De hormonen van de alvleesklier worden rechtstreeks in de bloed (zogenaamde endocriene secretie). Enzymen zijn eiwitten die actief voedsel kunnen afbreken en voorbereiden op opname door de darm slijmvlies. De enzymen bereiken hun werkingsplaats in de dunne darm via een speciaal kanaal lopend in de lengte door de hele klier, het pancreaskanaal (lat.

ductus pancreaticus). Omdat de gevormde enzymen dienen om voedingscomponenten af ​​te breken, zijn het zeer agressieve stoffen.
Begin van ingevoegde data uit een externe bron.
(* Let $P$ be a well-quasi-ordered poset. Then $\mathcal{J}(P)$, as a subspace of $\mathfrak{P}(P)$, is a compact scattered space, and its set of isolated points is exactly $\{\downarrow x: x\in P\}$, the set of principal ideals.
   Context: $\mathfrak{P}(P)$ is the power set of $P$ with the topology whose basic open sets are $O(F,G)=\{X\subseteq P: F\subseteq X,\ G\cap X=\emptyset\}$ for finite $F,G\subseteq P$ (the product topology on $2^P$). $\mathcal{J}(P)$ is the set of ideals of $P$: nonempty initial segments (closed downward) which are up-directed (any two elements have an upper bound in the set). $\downarrow x=\{y\in P: y\leq x\}$. A space is scattered if every nonempty subset has a point isolated in the induced topology. Well-quasi-ordered means well-founded with no infinite antichain. *)

From HB Require Import structures.
From mathcomp Require Import all_boot all_order.
From mathcomp Require Import all_classical all_reals all_analysis.
Set Implicit Arguments. Unset Strict Implicit. Unset Printing Implicit Defensive.
Import Order.TTheory.
Local Open Scope classical_set_scope.
Local Open Scope order_scope.

(* The power set of P with the product topology of 2^P: a subset X of P is
   represented by its characteristic function P -> bool; bool carries the
   discrete topology and {ptws P -> bool} the product (pointwise) topology. *)
Definition powerspace (d : Order.disp_t) (P : porderType d) : topologicalType :=
  {ptws P -> bool}.

Definition wqo (d : Order.disp_t) (P : porderType d) : Prop :=
  well_founded (fun x y : P => x < y) /\
  ~ (exists f : nat -> P, forall i j : nat, i <> j -> ~~ (f i >=< f j)).

Definition is_ideal (d : Order.disp_t) (P : porderType d) (X : powerspace P) : Prop :=
  (exists x : P, X x) /\
  (forall x y : P, y <= x -> X x -> X y) /\
  (forall x y : P, X x -> X y -> exists z : P, [/\ X z, x <= z & y <= z]).

Definition ideals (d : Order.disp_t) (P : porderType d) : set (powerspace P) :=
  [set X | is_ideal X].

Definition downset (d : Order.disp_t) (P : porderType d) (x : P) : powerspace P :=
  fun y : P => y <= x.

(* A subset A of a topological space is scattered (in the induced topology):
   every nonempty subset has a point isolated in it.  (Isolation in the
   ambient space relative to S is the same as isolation in the subspace S.) *)
Definition scattered (T : topologicalType) (A : set T) : Prop :=
  forall S : set T, S `<=` A -> S !=set0 -> exists x : T, isolated S x.
Arguments ideals {d} P.
Arguments powerspace {d} P.
Arguments wqo {d} P.
Arguments downset {d P} x.

From HB Require Import structures.
From mathcomp Require Import all_boot all_order.
From mathcomp Require Import all_classical all_reals all_analysis.
Set Implicit Arguments.
Unset Strict Implicit.
Unset Printing Implicit Defensive.
Import Order.TTheory.
Local Open Scope classical_set_scope.
Local Open Scope order_scope.

(* In a wqo every subset U has a finite basis: a finite s included in U such
   that every element of U lies above some element of s (the minimal elements
   of U form an antichain, hence are finitely many).  If s is a basis of the
   complement of X, then every down-closed set missing s is included in X, so
   X is pinned down among the ideals by finitely many coordinates.  This gives:
   the ideals form a closed, hence compact, subset of 2^P; the principal ideal
   of x is isolated (fix the coordinates x and s); descending chains of
   down-closed sets are stationary, so every nonempty family of ideals has an
   inclusion-minimal member, which is isolated in the family.  Conversely, an
   ideal X is approximated on any finite s by the principal ideal of an upper
   bound of X on s, so an isolated ideal is principal. *)

Lemma minimal_of_no_descending_chain (T : Type) (R : T -> T -> Prop)
    (S : set T) :
  ~ (exists f : nat -> T, forall n, S (f n) /\ R (f n.+1) (f n)) ->
  S !=set0 -> exists2 x, S x & forall y, S y -> ~ R y x.
Proof.
move=> nochain [x0 Sx0]; apply: contrapT => nomin; apply: nochain.
have step x : exists y, S x -> S y /\ R y x.
  have [Sx|] := pselect (S x); last by exists x.
  have /existsNP[y /not_implyP[Sy /contrapT Ryx]] :
    ~ forall y, S y -> ~ R y x by move=> xmin; apply: nomin; exists x.
  by exists y.
have [g gP] := choice step.
have Sg n : S (iter n g x0) by elim: n => // n /gP[].
by exists (fun n => iter n g x0) => n; split; [|case: (gP _ (Sg n))].
Qed.

Section PointwiseBool.
Variable T : eqType.

Definition agree (f : {ptws T -> bool}) (s : seq T) : set {ptws T -> bool} :=
  [set g | {in s, forall b, g b = f b}].

Lemma nbhs_agree (f : {ptws T -> bool}) (s : seq T) : nbhs f (agree f s).
Proof.
have nbhs_coord b : nbhs f [set g : {ptws T -> bool} | g b = f b].
  apply: open_nbhs_nbhs; split => //.
  rewrite [X in open X](_ : _ = proj b @^-1` [set f b]) //.
  apply: open_comp; last exact: discrete_open.
  by move=> + _; exact: proj_continuous.
elim: s => [|b s IHs].
  by apply: filterS (@filterT _ (nbhs f) _) => g _ c; rewrite in_nil.
apply: filterS (filterI (nbhs_coord b) IHs) => g [gb gs] c.
by rewrite in_cons => /orP[/eqP->|/gs].
Qed.

Lemma nbhs_agreeP (f : {ptws T -> bool}) (U : set {ptws T -> bool}) :
  nbhs f U <-> exists s, agree f s `<=` U.
Proof.
split=> [fU|[s /filterS]]; last by apply; exact: nbhs_agree.
pose G := filter_from [set: seq T] (agree f).
have FG : Filter G.
  apply: filter_from_filter; first by exists [::].
  move=> s t _ _; exists (s ++ t) => // g gst.
  by split=> b bs; apply: gst; rewrite mem_cat bs ?orbT.
suff /(_ U fU) [s _ sU] : G --> f by exists s.
apply/cvg_sup => i; apply/cvg_image => //.
  by apply/seteqP; split => // v _; exists (fun=> v).
move=> W /=; rewrite nbhs_principalE => /principal_filterP Wfi.
exists [set g : {ptws T -> bool} | W (g i)].
  by exists [:: i] => // g /(_ i); rewrite mem_seq1 eqxx => /(_ isT) /= ->.
by apply/seteqP; split => [v [g Wg <-]//|v Wv]; exists (fun=> v).
Qed.

Lemma ptws_bool_compact : compact [set: {ptws T -> bool}].
Proof.
have := @tychonoff _ (fun _ : T => bool) _ (fun=> bool_compact).
by congr (compact _); rewrite eqEsubset.
Qed.

End PointwiseBool.

Section Ideals.
Variables (d : Order.disp_t) (P : porderType d).

Definition downclosed (X : powerspace P) : Prop :=
  forall x y : P, y <= x -> X x -> X y.

Definition upclosure (s : seq P) : set P :=
  [set u | exists2 b, b \in s & b <= u].

Lemma downset_ideal (x : P) : is_ideal (downset x).
Proof.
split; first by exists x; rewrite /downset /=.
split=> [a b ba ax|a b ax bx]; first exact: le_trans ba ax.
by exists x; split; rewrite /downset /=.
Qed.

Lemma ideal_ub_seq (X : powerspace P) (s : seq P) : is_ideal X ->
  exists2 x, X x & {in s, forall b, X b -> b <= x}.
Proof.
move=> [[x0 Xx0] [_ dirX]]; elim: s => [|b s [x Xx xs]].
  by exists x0.
case Xb: (X b); last first.
  by exists x => // c; rewrite in_cons => /orP[/eqP->|/xs//]; rewrite Xb.
have [z [Xz xz bz]] := dirX x b Xx Xb.
exists z => // c; rewrite in_cons => /orP[/eqP->//|/xs cs /cs cx].
exact: le_trans cx xz.
Qed.

Lemma downclosed_avoiding_sub (X Y : powerspace P) (s : seq P) :
  downclosed Y -> [set p | ~~ X p] `<=` upclosure s ->
  {in s, forall b, ~~ Y b} -> {subset Y <= X}.
Proof.
move=> dY coverX sY p Yp; apply: contraT => nXp.
have [b bs bp] := coverX p nXp.
by have := sY b bs; rewrite (dY _ _ bp Yp).
Qed.

Lemma isolated_ideal_principal (X : powerspace P) :
  isolated (ideals P) X -> exists x, X = downset x.
Proof.
move=> [/set_mem IX [V /nbhs_agreeP[s sV] VI]].
have [x Xx xub] := ideal_ub_seq s IX.
have [_ [dX _]] := IX.
suff : [set X] (downset x) by exists x.
rewrite -VI; split; last exact: downset_ideal.
apply: sV => b bs; apply/idP/idP => [bx|Xb]; first exact: dX bx Xx.
exact: xub.
Qed.

Section Wqo.
Hypothesis wqoP : wqo P.

Lemma wqo_antichain_finite (A : set P) :
  {in A &, forall x y, x >=< y -> x = y} -> finite_set A.
Proof.
have [_ noac] := wqoP; move=> anti; apply: contrapT.
move=> /infiniteP/card_leP[f].
pose g n := val (f (SigSub (mem_set (I : [set: nat] n)))).
apply: noac; exists g => i j ij; apply/negP.
move=> /(anti _ _ (valP _) (valP _))/val_inj.
by move=> /inj => /(_ (mem_set I) (mem_set I)) [].
Qed.

Lemma wqo_minimal_below (U : set P) (u : P) : U u ->
  exists m, [/\ U m, m <= u & forall v, U v -> ~ v < m].
Proof.
have [wf _] := wqoP.
elim/(well_founded_induction wf): u => u IHu Uu.
have [[v [Uv vu]]|nv] := pselect (exists v, U v /\ v < u).
  have [m [Um mv mmin]] := IHu v vu Uv.
  by exists m; split => //; exact: le_trans mv (ltW vu).
by exists u; split => // v Uv vu; apply: nv; exists v.
Qed.

Lemma wqo_finite_basis (U : set P) :
  exists s : seq P, [set` s] `<=` U /\ U `<=` upclosure s.
Proof.
pose M := [set m | U m /\ forall v, U v -> ~ v < m].
have /finite_seqP[s Ms] : finite_set M.
  have min_le_eq a b : b <= a -> M a -> M b -> b = a.
    by rewrite le_eqVlt => /orP[/eqP//|ba [_ amin] [Ub _]]; case: (amin b).
  apply: wqo_antichain_finite => x y /set_mem Mx /set_mem My.
  case/orP=> [xy|yx]; first exact: min_le_eq xy My Mx.
  exact/esym/(min_le_eq _ _ yx).
exists s; split; first by rewrite -Ms => m [].
move=> u /wqo_minimal_below[m [Um mu mmin]].
have Mm : M m by [].
by exists m => //; move: Mm; rewrite Ms.
Qed.

Lemma wqo_downclosed_chain_stationary (f : nat -> powerspace P) :
  (forall n, downclosed (f n)) -> (forall n, {subset f n.+1 <= f n}) ->
  exists n, f n.+1 = f n.
Proof.
move=> df fS.
have f_mono : {homo f : m n / (m <= n)%N >-> {subset n <= m}}.
  apply: (homo_leq (r := fun X Y : powerspace P => {subset Y <= X})) => //.
  - by move=> X.
  - by move=> Y X Z YX ZY p /ZY /YX.
have [s [sU coverU]] := wqo_finite_basis [set p | exists n, ~~ f n p].
have [N sN] : exists N, {in s, forall b, ~~ f N b}.
  elim: s sU {coverU} => [|b s IHs] sU; first by exists 0%N.
  have [|N sN] := IHs; first by move=> c cs; apply/sU/mem_behead.
  have [n fnb] := sU b (mem_head _ _).
  exists (maxn N n) => c; rewrite in_cons => /orP[/eqP->|/sN fNc].
    exact: contraNN (f_mono _ _ (leq_maxr N n) b) fnb.
  exact: contraNN (f_mono _ _ (leq_maxl N n) c) fNc.
exists N; apply/funext => p; apply/idP/idP => [|fNp]; first exact: fS.
apply: (downclosed_avoiding_sub (df N) _ sN) => // q nfq.
by apply: coverU; exists N.+1.
Qed.

Lemma ideals_closed : closed (ideals P).
Proof.
move=> X clX.
have approx (s : seq P) : exists2 Y, is_ideal Y & {in s, Y =1 X}.
  by have [Y [IY AY]] := clX _ (nbhs_agree X s); exists Y.
split.
  have [s [_ coverP]] := wqo_finite_basis setT.
  have [Y [[y Yy] [dY _]] AY] := approx s.
  have [b bs by'] := coverP y I.
  by exists b; rewrite -(AY b bs); exact: dY by' Yy.
split=> [x y yx Xx|x y Xx Xy].
  have [Y [_ [dY _]] AY] := approx [:: x; y].
  rewrite -(AY y); last by rewrite !inE eqxx orbT.
  by apply: dY yx _; rewrite (AY x) // !inE eqxx.
have [s [sU coverU]] := wqo_finite_basis [set z | x <= z /\ y <= z].
have [Y [_ [dY dirY]] AY] := approx [:: x, y & s].
have [z [Yz xz yz]] : exists z, [/\ Y z, x <= z & y <= z].
  by apply: dirY; rewrite AY // !inE eqxx ?orbT.
have [b bs bz] := coverU z (conj xz yz).
have [xb yb] := sU b bs.
by exists b; split => //; rewrite -AY ?inE ?bs ?orbT //; exact: dY bz Yz.
Qed.

Lemma ideals_compact : compact (ideals P).
Proof.
by move: (@ptws_bool_compact P) => /(subclosed_compact ideals_closed); apply.
Qed.

Lemma ideals_scattered : scattered (ideals P).
Proof.
move=> S SI S0.
pose R (Y X : powerspace P) := {subset Y <= X} /\ Y <> X.
have [X SX Xmin] : exists2 X, S X & forall Y, S Y -> ~ R Y X.
  apply: minimal_of_no_descending_chain S0 => -[f fP].
  have dfP n : downclosed (f n) by have [/SI[_ []]] := fP n.
  have [n fn] := wqo_downclosed_chain_stationary dfP (fun n => (fP n).2.1).
  exact: (fP n).2.2.
have [s [sX coverX]] := wqo_finite_basis [set p | ~~ X p].
exists X; split; first exact: mem_set.
exists (agree X s); first exact: nbhs_agree.
apply/seteqP; split => [Y [AY SY]|Y ->]; last by split.
apply: contrapT => YX; apply: (Xmin Y SY); split => //.
have [_ [dY _]] := SI _ SY.
by apply: downclosed_avoiding_sub dY coverX _ => b bs; rewrite AY //; exact: sX.
Qed.

Lemma principal_ideal_isolated (x : P) : isolated (ideals P) (downset x).
Proof.
split; first exact/mem_set/downset_ideal.
have [s [sx coverx]] := wqo_finite_basis [set p | ~~ downset x p].
exists (agree (downset x) (x :: s)); first exact: nbhs_agree.
apply/seteqP; split => [Y [AY [_ [dY _]]]|Y ->]; last first.
  by split=> //; exact: downset_ideal.
have Yx : Y x by rewrite AY ?mem_head /downset.
apply/funext => p; apply/idP/idP => [|px]; last exact: dY px Yx.
apply: (downclosed_avoiding_sub dY coverx) => b bs.
by rewrite AY ?in_cons ?bs ?orbT //; exact: sx.
Qed.

End Wqo.
End Ideals.

Theorem proposition3p4 (d : Order.disp_t) (P : porderType d) :
  wqo P ->
  [/\ compact (ideals P), scattered (ideals P) &
      isolated (ideals P) = [set X | exists x : P, X = downset x]].
Proof.
move=> wqoP; split.
- exact: ideals_compact wqoP.
- exact: ideals_scattered wqoP.
- apply/seteqP; split=> [X /isolated_ideal_principal // | X [x ->]].
  exact: principal_ideal_isolated wqoP x.
Qed.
De alvleesklier heeft daarom effectieve beschermingsmechanismen tegen zelfvertering: eiwitsplitsende enzymen (peptidasen) zoals trypsine en chymotrypsine worden gevormd in de vorm van inactieve voorlopers.

De omzetting in "biologisch actieve schaar" vindt plaats in de dunne darm (door middel van een enzym genaamd enterokinase, dat kleine fragmenten van de trypsine voorloper trypsinogeen, waardoor functionele trypsine wordt geproduceerd. Dit is ook de activator voor de ander hormonen. Daarnaast produceert de alvleesklier zetmeel-splitsende enzymen (amylasen), vetsplitsende enzymen (lipasen) en nucleïnezuur-splitsende enzymen (ribonucleïnasen; deze worden gebruikt om kerncomponenten te verteren).
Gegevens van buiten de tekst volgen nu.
Lemma opp1_even_order : ~~ odd N -> -1 = gamma ^+ N./2.
Proof.
move=> even_N; have NE := even_halfK even_N.
have /eqP : (gamma ^+ N./2) ^+ 2 = 1 by rewrite -exprM muln2 NE (prim_expr_order gamma_prim).
rewrite sqrf_eq1 => /orP [|/eqP //]; rewrite -(prim_order_dvd gamma_prim) => dvd_N.
have := prim_order_gt0 gamma_prim; rewrite -muln2 in NE.
by case: (posnP N./2) => [|/dvdn_leq/(_ dvd_N)]; lia.
Qed.

Lemma dlog_opp1 : (dlog (-1)%R %% n = if odd s && ~~ odd N then n./2 else 0)%N.
Proof.
have [odd_N|even_N] := boolP (odd N); rewrite ?andbF ?andbT.
  by rewrite (@dlog_mod _ 0) ?mod0n // (opp1_odd_order odd_N).
rewrite (dlog_mod (opp1_even_order even_N)) -order_divnK half_mulnE ?order_divnK //.
rewrite modnMDl; case: (odd s); rewrite ?mul0n ?mul1n ?mod0n // modn_small //.
by rewrite ltn_half_double -addnn; lia.
Qed.

Definition opp_class (i : nat) : nat := ((dlog (-1) + i.-1) %% n).+1.

Lemma opp_class_range i : (1 <= opp_class i <= n)%N.
Proof. by rewrite ltn_mod. Qed.

Lemma memAk_opp i j a : (1 <= i <= n)%N -> (1 <= j <= n)%N -> a \in A i ->
  (- a \in A j) = (j == opp_class i).
Proof.
move=> i_range j_range; rewrite !memAk // oppr_eq0 => /andP [a_neq0 /eqP dlog_a].
rewrite a_neq0 /=.
rewrite (@dlog_mod _ (dlog (-1) + dlog a)); last first.
  by rewrite exprD !dlogK ?oppr_eq0 ?oner_eq0 // mulN1r.
by rewrite -modnDmr dlog_a; case: j j_range => // j _; rewrite eqSS eq_sym.
Qed.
Alle genoemde enzymen werken echter alleen optimaal als de zuurgraad in hun omgeving niet te hoog is (= pH 8). Omdat het eten uit de maag dat is voorverteerd door zoutzuur, moet het maagzuur eerst worden geneutraliseerd. Om dit te doen worden de enzymen met 1-2 liter van een waterige, bicarbonaatrijke (= neutraliserende) vloeistof, de alvleesklier, in de dunne darm afgegeven.

De alvleesklier is verantwoordelijk voor deze zogenaamde exocriene functie. Exocriene functie is de productie van enzymen voor de spijsverteringskanaal. Het gehele weefsel van de alvleesklier - net als veel andere klieren, bijv. De schildklier - is verdeeld in lobben gescheiden door bindweefsel.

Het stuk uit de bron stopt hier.